2025-08-15 ミュンヘン大学(LMU)
<関連情報>
- https://www.lmu.de/en/newsroom/news-overview/news/land-use-severely-reduces-global-carbon-in-plants-and-soils.html
- https://www.cell.com/one-earth/fulltext/S2590-3322(25)00218-0
人類は地球の陸上炭素貯蔵量を四分の一減少させた Humans have depleted global terrestrial carbon stocks by a quarter
Raphael Ganzenmüller ∙ Wolfgang A. Obermeier ∙ Selma Bultan ∙ Seth A. Spawn-Lee, ∙ Florian Zabel ∙ Julia Pongratz
One Earth Published:July 10, 2025
DOI:https://doi.org/10.1016/j.oneear.2025.101392
Graphical abstract
Science for society
Natural ecosystems play a crucial role in regulating the climate, storing more carbon than all fossil fuel reserves combined. However, land-use activities such as agricultural expansion and forest management are massively altering vegetation and soil carbon stocks, releasing vast amounts of carbon into the atmosphere, which substantially contribute to global warming. Yet, quantifying carbon loss from natural ecosystems globally at high resolution has been challenging.
Our research addresses this gap by providing a consistent estimate of this deficit: globally, carbon in vegetation and soil has been reduced through land-use activities by 24% (344 PgC), comparable to all fossil fuel emissions over the past 50 years. We also find that current global vegetation models considerably underestimate this loss. Our findings offer valuable insights for policymakers to prioritize conservation and restoration efforts, guide sustainable land-use decisions, and improve global vegetation models.
Highlights
- Global terrestrial carbon stocks have been depleted by 24% (344 PgC)

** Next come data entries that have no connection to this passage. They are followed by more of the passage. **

Lemma diff_ge_eps_admissible r eta zeta : fed_admissible r ->
  phi eta = 1 -> phi zeta = 1 -> phi (eta - zeta) <= r -> eps <= 'd phi zeta eta.
Proof.
move=> [/andP[r_gt0 r_lt1] adm] eta1 zeta1 near_zeta.
have deta := sphere_diff eta1.
have far : phi (eta - 'd phi zeta eta *: zeta) <= 1 - eps.
  have bound y : phi y <= 1 -> phi (fed_pi phi zeta y - fed_pi phi eta y) <= 2.
    move=> y1; apply: le_trans (fed_pi_sub_le _ zeta1 eta1) _.
    by rewrite -[leRHS]mulr1 ler_wpM2l.
  have eta_le1 : phi eta <= 1 by rewrite [phi eta]eta1.
  rewrite -fed_pi_sub_self //; apply: le_trans (fed_opnorm_ge bound eta_le1) _.
  by apply: adm; rewrite // (norm_distC phi_norm).
have a_gt0 := diff_norm_gt0 phi_norm deta eta1 (le_lt_trans near_zeta r_lt1).
have a_le1 := diff_norm_le phi_norm zeta deta eta1; rewrite [phi zeta]zeta1 in a_le1.
apply: (le_of_le_mul_le1 eps_gt0 a_gt0 a_le1).
have := le_trans (diff_norm_sub_le phi_norm zeta _ deta eta1) far.
by rewrite lerD2l lerN2.
Qed.

Lemma diff_ge_eps_lt_radius eta zeta : phi eta = 1 -> phi zeta = 1 ->
  phi (eta - zeta) < fed_radius phi eps -> eps <= 'd phi zeta eta.
Proof.
move=> eta1 zeta1; rewrite fed_radiusE => lt_sup.
have [Ane|/nonemptyPn A0] := pselect (fed_admissible !=set0); last first.
  by move: lt_sup; rewrite A0 sup0 ltNge (norm_ge0 phi_norm).
have [r adm_r lt_r] := sup_gt Ane lt_sup.
exact: diff_ge_eps_admissible adm_r eta1 zeta1 (ltW lt_r).
Qed.

Hypothesis phi_strict : fed_strictly_convex phi.
Hypothesis phi_diff_cont :
  forall v, {in [set x | x != 0], continuous (fun x => 'd phi x v)}.

Lemma diff_ge_eps_le_radius eta z : phi eta = 1 -> phi z = 1 ->
  phi (eta - z) <= fed_radius phi eps -> eps <= 'd phi z eta.
Proof.
move=> eta1 z1 z_near; have [->|z_neq] := eqVneq z eta.
  apply: le_trans eps_le1 _.
  by rewrite (diff_norm_self phi_norm (sphere_diff eta1)) [phi eta]eta1.
have dist_gt0 : 0 < phi (eta - z).
  by rewrite lt0r (norm_ge0 phi_norm) andbT (norm_eq0 phi_norm) subr_eq0 eq_sym.
have dist_le1 := le_trans z_near fed_radius_le1.
pose zeta s := fed_xi phi (z + s *: (eta - z)).
have zeta_cvg : zeta s @[s --> 0^'+] --> z.
  have seg_cvg : z + s *: (eta - z) @[s --> 0^'+] --> z.
    have : z + s *: (eta - z) @[s --> 0] --> z + 0 *: (eta - z).
      by apply: cvgD; [exact: cvg_cst | apply: cvgZ; [exact: cvg_id | exact: cvg_cst]].
    by rewrite scale0r addr0; exact: cvg_at_right_filter.
  have xi_z : fed_xi phi z = z by rewrite /fed_xi z1 invr1 scale1r.
  apply: cvg_comp seg_cvg _.
  by have := fed_xi_cvg phi_norm (sphere_diff z1) (sphere_neq0 phi_norm z1); rewrite xi_z.
have z_in : z \in [set x | x != 0].
  by apply/mem_set; have := sphere_neq0 phi_norm z1.
have d_cvg := cvg_comp _ _ zeta_cvg (@phi_diff_cont eta z z_in).
apply: (cvgr_to_ge d_cvg); near=> s.
have s_gt0 : 0 < s by near: s; exact: nbhs_right_gt.
have s_lt1 : s < 1 by near: s; apply: nbhs_right_lt; exact: ltr01.
have [w_neq0 closer] :=
  fed_xi_chord_closer phi_norm phi_strict eta1 z1 dist_gt0 dist_le1 s_gt0 s_lt1.
exact: diff_ge_eps_lt_radius eta1 (norm_fed_xi phi_norm w_neq0) (lt_le_trans closer z_near).
Unshelve. all: by end_near. Qed.

Lemma sphere_shift_le0 eta z t : phi eta = 1 -> phi z = 1 ->
  phi (z + t *: eta) = 1 -> phi (z - eta) <= fed_radius phi eps -> t <= 0.
Proof.
move=> eta1 z1 zt1 z_near; rewrite leNgt; apply/negP => t_gt0.
have d_le0 :=
  diff_norm_shift_le0 phi_norm (sphere_diff z1) (etrans zt1 (esym z1)) t_gt0.
rewrite (norm_distC phi_norm) in z_near.
have := diff_ge_eps_le_radius eta1 z1 z_near.
by move=> /le_trans /(_ d_le0); rewrite leNgt eps_gt0.
Qed.

End AdmissibleRadius.

Lemma eq_addZ_of_eq_subZ (R : ringType) (V : lmodType R) (x y e : V) (a b : R) :
  x - a *: e = y - b *: e -> x = y + (a - b) *: e.
Proof. by move/(congr1 (+%R^~ (a *: e))); rewrite subrK scalerBl addrA addrAC. Qed.

Theorem lemma3p6 (R : realType) (n : nat) (phi : 'rV[R]_n -> R) (eps : R) :
  fed_is_norm phi -> fed_strictly_convex phi -> fed_C1_off_zero phi ->
  0 < eps < 1 ->
  forall eta, fed_sphere phi eta ->
  {in (fed_sphere phi `&` [set z | phi (z - eta) <= fed_radius phi eps]) &,
     injective (fed_pi phi eta)}.
Proof.
move=> phi_norm phi_strict [phi_diff phi_diff_cont] /andP[eps_gt0 eps_lt1] eta eta1.
move=> z1 z2; rewrite !inE => -[z1S z1R] [z2S z2R].
have deta := phi_diff _ (sphere_neq0 phi_norm eta1).
rewrite (fed_piE _ deta eta1) (fed_piE _ deta eta1) => /eq_addZ_of_eq_subZ.
set t := _ - _ => z1E.
have z2E : z2 = z1 + (- t) *: eta by rewrite z1E scaleNr addrK.
have shift_le0 := sphere_shift_le0 phi_norm phi_diff eps_gt0 (ltW eps_lt1)
  phi_strict phi_diff_cont eta1.
have t_le0 : t <= 0 by apply: shift_le0 z2S _ z2R; rewrite -z1E.
have Nt_le0 : - t <= 0 by apply: shift_le0 z1S _ z1R; rewrite -z2E.
have t0 : t = 0 by apply/le_anti; rewrite t_le0 -oppr_le0 Nt_le0.
by rewrite z1E t0 scale0r addr0.
Qed.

- Our estimates of the carbon deficit are at unprecedented resolution and consistency
- Pasture expansion, cropland expansion, and forest management are major drivers
- Dynamic global vegetation models underestimate the carbon deficit by 37% on average
Summary
Mitigating global climate change requires massive greenhouse gas emission reductions and carbon removal efforts. Although terrestrial ecosystems store large amounts of carbon, land-use change has substantially diminished these stocks in many regions. However, a consistent, high-resolution approach to quantify the differences between actual and potential carbon stocks in vegetation and soils—the terrestrial carbon deficit—remains elusive, limiting the evaluation of global climate models. Here, we combine semi-empirical data with machine learning to estimate the terrestrial carbon deficit to be 344 (251–393) PgC, equivalent to a 24% depletion, predominantly driven by pasture expansion (30%), cropland expansion (24%), and forest management (23%). We reveal that dynamic global vegetation models (DGVMs) underestimate the terrestrial carbon deficit by 37% on average (range: 2%–58%), highlighting critical limitations. Our findings support assessments of anthropogenic impacts on ecosystems and help constrain global climate models to better evaluate nature-based solutions and climate mitigation policies.